ASSIGNMENT - From the records below, pull each line that has "endpoint".
*** THE DATA Section Begins ***
(* Let $\mu$ be a nonatomic positive Radon measure on $\mathbb{R}$ and let $g\in\Lambda_\mu$ with seminorm $M$. For $a<b$ let $g_{ab}(x)=\frac{b-x}{b-a}g(a)+\frac{x-a}{b-a}g(b)$. Then $\sup_{x\in[a,b]}|g(x)-g_{ab}(x)|\le M\mu([a,b])$ for all $a<b$. Conversely, if a continuous $g$ satisfies $\sup_{[a,b]}|g-g_{ab}|\le M\mu([a,b])$ for all $a<b$, then $g\in\Lambda_\mu$ with seminorm at most $2M$.
   Context: For a nonatomic positive Radon measure $\mu$ on $\mathbb{R}$, $\Lambda_\mu$ is the class of continuous $g\colon\mathbb{R}\to\mathbb{R}$ for which there is $M>0$ with $|g(x+h)-2g(x)+g(x-h)|\le M\mu([x-h,x+h])$ for all $x\in\mathbb{R}$, $h\ge0$; the smallest such $M$ is the seminorm of $g$ in $\Lambda_\mu$. *)

From Stdlib Require Import Reals.
Open Scope R_scope.

Definition Icc (a b : R) : R -> Prop := fun y => a <= y <= b.

(* A positive Radon (= locally finite Borel) measure on R, presented by a
   sigma-algebra [meas] containing all closed intervals (hence all Borel
   sets) and a set function [mu].  Since a Radon measure on R may be
   infinite on unbounded sets, [mu] is only constrained on bounded
   measurable sets (which determine the measure); its values elsewhere are
   irrelevant. *)
Definition bounded_set (A : R -> Prop) : Prop :=
  exists c, forall y, A y -> Rabs y <= c.

Record radon_measure := {
  meas : (R -> Prop) -> Prop;
  mu : (R -> Prop) -> R;
  meas_Icc : forall a b, meas (Icc a b);
  meas_compl : forall A, meas A -> meas (fun y => ~ A y);
  meas_cunion : forall A : nat -> R -> Prop,
      (forall n, meas (A n)) -> meas (fun y => exists n, A n y);
  mu_nonneg : forall A, meas A -> bounded_set A -> 0 <= mu A;
  mu_sigma_additive : forall A : nat -> R -> Prop,
      (forall n, meas (A n)) ->
      (forall n m y, n <> m -> A n y -> A m y -> False) ->
      bounded_set (fun y => exists n, A n y) ->
      infinite_sum (fun n => mu (A n)) (mu (fun y => exists n, A n y))
}.

Definition nonatomic (m : radon_measure) : Prop :=
  forall x, mu m (fun y => y = x) = 0.

Definition Lambda_bound (m : radon_measure) (g : R -> R) (M : R) : Prop :=
  forall x h, 0 <= h ->
    Rabs (g (x + h) - 2 * g x + g (x - h)) <= M * mu m (Icc (x - h) (x + h)).

Definition in_Lambda (m : radon_measure) (g : R -> R) : Prop :=
  continuity g /\ exists M, 0 < M /\ Lambda_bound m g M.

Definition is_seminorm (m : radon_measure) (g : R -> R) (S : R) : Prop :=
  (forall M, 0 < M -> Lambda_bound m g M -> S <= M) /\
  (forall s, (forall M, 0 < M -> Lambda_bound m g M -> s <= M) -> s <= S).

Definition g_ab (g : R -> R) (a b x : R) : R :=
  (b - x) / (b - a) * g a + (x - a) / (b - a) * g b.

From Stdlib Require Import Reals Lra Lia FunctionalExtensionality PropExtensionality Classical.
Open Scope R_scope.

(* Direct part: the error h = g - g_ab vanishes at a and b and has the same
   second differences as g, since g_ab is affine.  At an interior maximum x0
   of h on [a,b], the symmetric window around x0 reaching the nearer endpoint
   gives  h(x0) <= |h(x0+t) - 2h(x0) + h(x0-t)| <= M' mu([x0-t,x0+t])
   <= M' mu([a,b])  (a discrete maximum principle); the same for -h bounds
   |h|.  This holds for every admissible constant M', hence for their
   infimum, the seminorm.
   Converse: g(x+t) - 2g(x) + g(x-t) = -2 (g - g_{x-t,x+t})(x), so g satisfies
   the Lambda_mu bound with constant 2M, and the seminorm is at most 2M.

   Neither
   direction uses that mu is nonatomic. *)

Lemma set_ext (A B : R -> Prop) : (forall y, A y <-> B y) -> A = B.
Proof.
  intros H; apply functional_extensionality; intro y.
  apply propositional_extensionality; auto.
Qed.

Lemma sum_f_R0_const (e : R) (n : nat) : sum_f_R0 (fun _ => e) n = INR (S n) * e.
Proof.
  induction n as [|n IH]; simpl sum_f_R0.
  - simpl; ring.
  - rewrite IH, (S_INR (S n)); ring.
Qed.

Lemma infinite_sum_const_self (e : R) : infinite_sum (fun _ => e) e -> e = 0.
Proof.
  intros H. destruct (Req_dec e 0) as [|He]; auto.
  assert (Pe : 0 < Rabs e) by (apply Rabs_pos_lt; auto).
  destruct (H (Rabs e) Pe) as [N HN].
  specialize (HN (S N) (le_S _ _ (le_n N))). unfold R_dist in HN.
  rewrite sum_f_R0_const in HN.
  replace (INR (S (S N)) * e - e) with (INR (S N) * e) in HN
    by (rewrite (S_INR (S N)); ring).
  rewrite Rabs_mult, (Rabs_right (INR (S N))) in HN by (apply Rle_ge, pos_INR).
  assert (1 <= INR (S N)) by (apply (le_INR 1); lia).
  nra.
Qed.

Lemma infinite_sum_eventually_const (f : nat -> R) (l c : R) :
  infinite_sum f l -> (forall n, (1 <= n)%nat -> sum_f_R0 f n = c) -> l = c.
Proof.
  intros H Hc. destruct (Req_dec l c) as [|Hn]; auto.
  destruct (H (Rabs (l - c))) as [N HN]; [apply Rabs_pos_lt; lra|].
  specialize (HN (Nat.max N 1) (Nat.le_max_l _ _)).
  rewrite Hc in HN by lia. unfold R_dist in HN. rewrite Rabs_minus_sym in HN. lra.
Qed.

Lemma bounded_Icc (a b : R) : bounded_set (Icc a b).
Proof.
  exists (Rabs a + Rabs b). intros y [h1 h2].
  unfold Rabs; repeat destruct Rcase_abs; lra.
Qed.

Section RadonIntervals.

Variable m : radon_measure.

(* An empty interval is the countable union of copies of itself, so its
   measure equals an infinite multiple of itself and must vanish. *)
Lemma mu_Icc_empty (a b : R) : b < a -> mu m (Icc a b) = 0.
Proof.
  intros Hba.
  pose proof (mu_sigma_additive m (fun _ => Icc a b) (fun _ => meas_Icc m a b)) as H.
  assert (E : (fun y => exists n : nat, Icc a b y) = Icc a b).
  { apply set_ext; intro y; split; [intros [_ h]; exact h | intro h; exists O; exact h]. }
  cbv beta in H; rewrite E in H. apply infinite_sum_const_self, H.
  - intros n k y _ h. unfold Icc in h. lra.
  - apply bounded_Icc.
Qed.

Lemma mu_Icc_nonneg (a b : R) : 0 <= mu m (Icc a b).
Proof. apply mu_nonneg; [apply meas_Icc | apply bounded_Icc]. Qed.

(* [a,b] is the disjoint union of [c,d], [a,b] \ [c,d] and empty intervals;
   additivity and nonnegativity give monotonicity. *)
Lemma mu_Icc_mono (a b c d : R) : a <= c -> d <= b -> mu m (Icc c d) <= mu m (Icc a b).
Proof.
  intros Hac Hdb.
  set (Y := fun y => Icc a b y /\ ~ Icc c d y).
  assert (MY : meas m Y).
  { set (B := fun n : nat => match n with O => (fun y => ~ Icc a b y) | _ => Icc c d end).
    assert (EY : Y = fun y => ~ (exists n, B n y)).
    { apply set_ext; intro y; unfold Y, B; split.
      - intros [h1 h2] [[|n] hn]; auto.
      - intro h; split.
        + apply NNPP; intro h'; apply h; exists O; exact h'.
        + intro h'; apply h; exists 1%nat; exact h'. }
    rewrite EY. apply meas_compl, meas_cunion. intros [|n]; simpl.
    - apply meas_compl, meas_Icc.
    - apply meas_Icc. }
  assert (PY : 0 <= mu m Y).
  { apply mu_nonneg; auto. destruct (bounded_Icc a b) as [r Hr].
    exists r; intros y [hy _]; auto. }
  set (A := fun n : nat => match n with O => Icc c d | 1%nat => Y | _ => Icc 1 0 end).
  assert (EU : (fun y => exists n, A n y) = Icc a b).
  { apply set_ext; intro y; split.
    - intros [[|[|n]] hn]; simpl in hn.
      + unfold Icc in *; lra.
      + destruct hn; auto.
      + unfold Icc in hn; lra.
    - intro h. destruct (classic (Icc c d y)) as [h'|h'].
      + exists O; exact h'.
      + exists 1%nat; split; auto. }
  assert (Hsum : infinite_sum (fun n => mu m (A n)) (mu m (Icc a b))).
  { rewrite <- EU. apply mu_sigma_additive.
    - intros [|[|n]]; simpl; auto; apply meas_Icc.
    - intros [|[|n]] [|[|k]] y Hnk h1 h2; simpl in *; try congruence;
        unfold Y, Icc in *; try tauto; lra.
    - rewrite EU. apply bounded_Icc. }
  assert (Hsplit : mu m (Icc a b) = mu m (Icc c d) + mu m Y).
  { apply (infinite_sum_eventually_const _ _ _ Hsum).
    intros n Hn. induction n as [|n IH]; [lia|].
    destruct n as [|n]; [simpl; ring|].
    simpl sum_f_R0 in *. rewrite IH by lia. simpl. rewrite (mu_Icc_empty 1 0) by lra. ring. }
  lra.
Qed.

Lemma max_principle (k : R -> R) (K a b : R) :
  a < b -> 0 <= K ->
  (forall c, a <= c <= b -> continuity_pt k c) -> k a = 0 -> k b = 0 ->
  (forall x t, 0 <= t -> a <= x - t -> x + t <= b ->
     Rabs (k (x + t) - 2 * k x + k (x - t)) <= K * mu m (Icc (x - t) (x + t))) ->
  forall x, a <= x <= b -> k x <= K * mu m (Icc a b).
Proof.
  intros Hab HK Hk ka kb Hdiff x Hx.
  destruct (continuity_ab_maj k a b (Rlt_le _ _ Hab) Hk) as [x0 [Hmax Hx0]].
  apply Rle_trans with (k x0); [apply Hmax; auto|].
  assert (Pmu := mu_Icc_nonneg a b).
  destruct (Rle_dec (k x0) 0) as [Hle|Hpos]; [nra|].
  (* the window centred at x0 whose radius is the distance to the nearer
     endpoint; there k vanishes on one side and is at most k x0 on the other *)
  set (t := Rmin (x0 - a) (b - x0)).
  assert (Ht : 0 <= t /\ a <= x0 - t /\ x0 + t <= b)
    by (unfold t, Rmin; destruct Rle_dec; lra).
  assert (Hends : k (x0 + t) + k (x0 - t) <= k x0).
  { unfold t, Rmin; destruct Rle_dec.
    - replace (x0 - (x0 - a)) with a by ring. rewrite ka.
      assert (k (x0 + (x0 - a)) <= k x0) by (apply Hmax; lra). lra.
    - replace (x0 + (b - x0)) with b by ring. rewrite kb.
      assert (k (x0 - (b - x0)) <= k x0) by (apply Hmax; lra). lra. }
  assert (Hwin := Hdiff x0 t ltac:(tauto) ltac:(tauto) ltac:(tauto)).
  assert (Hmono : mu m (Icc (x0 - t) (x0 + t)) <= mu m (Icc a b))
    by (apply mu_Icc_mono; tauto).
  assert (k x0 <= Rabs (k (x0 + t) - 2 * k x0 + k (x0 - t))).
  { rewrite <- Rabs_Ropp. eapply Rle_trans; [|apply Rle_abs]. lra. }
  nra.
Qed.

(* Two-sided version, obtained by applying the principle to k and -k. *)
Lemma max_principle_abs (k : R -> R) (K a b : R) :
  a < b -> 0 <= K ->
  (forall c, a <= c <= b -> continuity_pt k c) -> k a = 0 -> k b = 0 ->
  (forall x t, 0 <= t -> a <= x - t -> x + t <= b ->
     Rabs (k (x + t) - 2 * k x + k (x - t)) <= K * mu m (Icc (x - t) (x + t))) ->
  forall x, a <= x <= b -> Rabs (k x) <= K * mu m (Icc a b).
Proof.
  intros Hab HK Hk ka kb Hdiff x Hx.
  assert (U := max_principle k K a b Hab HK Hk ka kb Hdiff x Hx).
  assert (L : - k x <= K * mu m (Icc a b)).
  { apply (max_principle (fun y => - k y)); auto.
    - intros c Hc. apply continuity_pt_opp; auto.
    - rewrite ka; ring.
    - rewrite kb; ring.
    - intros y t H0 H1 H2. rewrite <- Rabs_Ropp.
      replace (- (- k (y + t) - 2 * - k y + - k (y - t)))
        with (k (y + t) - 2 * k y + k (y - t)) by ring.
      auto. }
  unfold Rabs; destruct Rcase_abs; lra.
Qed.

End RadonIntervals.

Lemma g_ab_continuous (g : R -> R) (a b : R) : continuity (g_ab g a b).
Proof. intro x; unfold g_ab; reg. Qed.

Lemma g_ab_left (g : R -> R) (a b : R) : a < b -> g_ab g a b a = g a.
Proof. intros; unfold g_ab; field; lra. Qed.

Lemma g_ab_right (g : R -> R) (a b : R) : a < b -> g_ab g a b b = g b.
Proof. intros; unfold g_ab; field; lra. Qed.

Lemma g_ab_second_difference (g : R -> R) (a b x t : R) : a < b ->
  (g (x + t) - g_ab g a b (x + t)) - 2 * (g x - g_ab g a b x)
    + (g (x - t) - g_ab g a b (x - t))
  = g (x + t) - 2 * g x + g (x - t).
Proof. intros; unfold g_ab; field; lra. Qed.

Lemma second_difference_as_error (g : R -> R) (x t : R) : t <> 0 ->
  g (x + t) - 2 * g x + g (x - t) = -2 * (g x - g_ab g (x - t) (x + t) x).
Proof. intros; unfold g_ab; field; lra. Qed.

Lemma interpolation_error_bound (m : radon_measure) (g : R -> R) (K a b : R) :
  continuity g -> 0 < K -> Lambda_bound m g K -> a < b ->
  forall x, a <= x <= b -> Rabs (g x - g_ab g a b x) <= K * mu m (Icc a b).
Proof.
  intros Hc HK HL Hab.
  apply (max_principle_abs m (fun y => g y - g_ab g a b y)); auto; try lra.
  - intros c _. apply continuity_pt_minus; auto. apply g_ab_continuous.
  - rewrite g_ab_left; auto; ring.
  - rewrite g_ab_right; auto; ring.
  - intros x t Ht _ _. rewrite g_ab_second_difference; auto.
Qed.

Lemma bound_by_seminorm (m : radon_measure) (g : R -> R) (S A c : R) :
  is_seminorm m g S -> (exists K, 0 < K /\ Lambda_bound m g K) -> 0 <= c ->
  (forall K, 0 < K -> Lambda_bound m g K -> A <= K * c) -> A <= S * c.
Proof.
  intros [_ Hinf] [K0 [HK0 HL0]] Hc HA.
  destruct (Req_dec c 0) as [Z|NZ].
  - specialize (HA K0 HK0 HL0). rewrite Z in HA |- *. lra.
  - assert (Hdiv : A / c <= S).
    { apply Hinf. intros K HK HL. specialize (HA K HK HL).
      apply (Rmult_le_reg_r c); [lra|].
      unfold Rdiv; rewrite Rmult_assoc, Rinv_l by lra. lra. }
    apply (Rmult_le_compat_r c) in Hdiv; [|lra].
    unfold Rdiv in Hdiv; rewrite Rmult_assoc, Rinv_l in Hdiv by lra. lra.
Qed.

Lemma seminorm_le (m : radon_measure) (g : R -> R) (S B : R) :
  0 <= B -> (forall e, 0 < e -> Lambda_bound m g (B + e)) ->
  is_seminorm m g S -> S <= B.
Proof.
  intros HB HL [Hlow _]. apply Rnot_lt_le; intro HS.
  assert (Hmid := Hlow (B + (S - B) / 2) ltac:(lra) (HL ((S - B) / 2) ltac:(lra))).
  lra.
Qed.

Lemma Lambda_bound_of_error_bound (m : radon_measure) (g : R -> R) (M : R) :
  0 <= M ->
  (forall a b, a < b -> forall x, a <= x <= b ->
     Rabs (g x - g_ab g a b x) <= M * mu m (Icc a b)) ->
  Lambda_bound m g (2 * M).
Proof.
  intros HM Herr x t Ht.
  assert (Pmu := mu_Icc_nonneg m (x - t) (x + t)).
  destruct (Req_dec t 0) as [Z|NZ].
  - subst t. replace (g (x + 0) - 2 * g x + g (x - 0)) with 0
      by (rewrite Rplus_0_r, Rminus_0_r; ring).
    rewrite Rabs_R0. nra.
  - rewrite second_difference_as_error, Rabs_mult, Rabs_left by lra.
    assert (Hx := Herr (x - t) (x + t) ltac:(lra) x ltac:(lra)). lra.
Qed.

Theorem mainTheorem12 (m : radon_measure) (Hna : nonatomic m) :
  (forall (g : R -> R) (M : R),
      in_Lambda m g -> is_seminorm m g M ->
      forall a b, a < b -> forall x, a <= x <= b ->
        Rabs (g x - g_ab g a b x) <= M * mu m (Icc a b)) /\
  (forall (g : R -> R) (M : R),
      0 <= M -> continuity g ->
      (forall a b, a < b -> forall x, a <= x <= b ->
        Rabs (g x - g_ab g a b x) <= M * mu m (Icc a b)) ->
      in_Lambda m g /\ (forall S, is_seminorm m g S -> S <= 2 * M)).
Proof.
  split.
  - intros g M [Hc Hadm] Hsn a b Hab x Hx.
    apply (bound_by_seminorm m g); auto using mu_Icc_nonneg.
    intros K HK HL. apply interpolation_error_bound; auto.
  - intros g M HM Hc Herr.
    assert (Hup : forall e, 0 < e -> Lambda_bound m g (2 * M + e)).
    { intros e He x t Ht.
      assert (H2M := Lambda_bound_of_error_bound m g M HM Herr x t Ht).
      assert (Pmu := mu_Icc_nonneg m (x - t) (x + t)). nra. }
    split.
    + split; auto. exists (2 * M + 1). split; [lra | apply Hup; lra].
    + intros S. apply seminorm_le; [lra | exact Hup].
Qed.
*** THE DATA Section Ends ***
TASK RESPONSE -
   of h on [a,b], the symmetric window around x0 reaching the nearer endpoint
     endpoint; there k vanishes on one side and is at most k x0 on the other *)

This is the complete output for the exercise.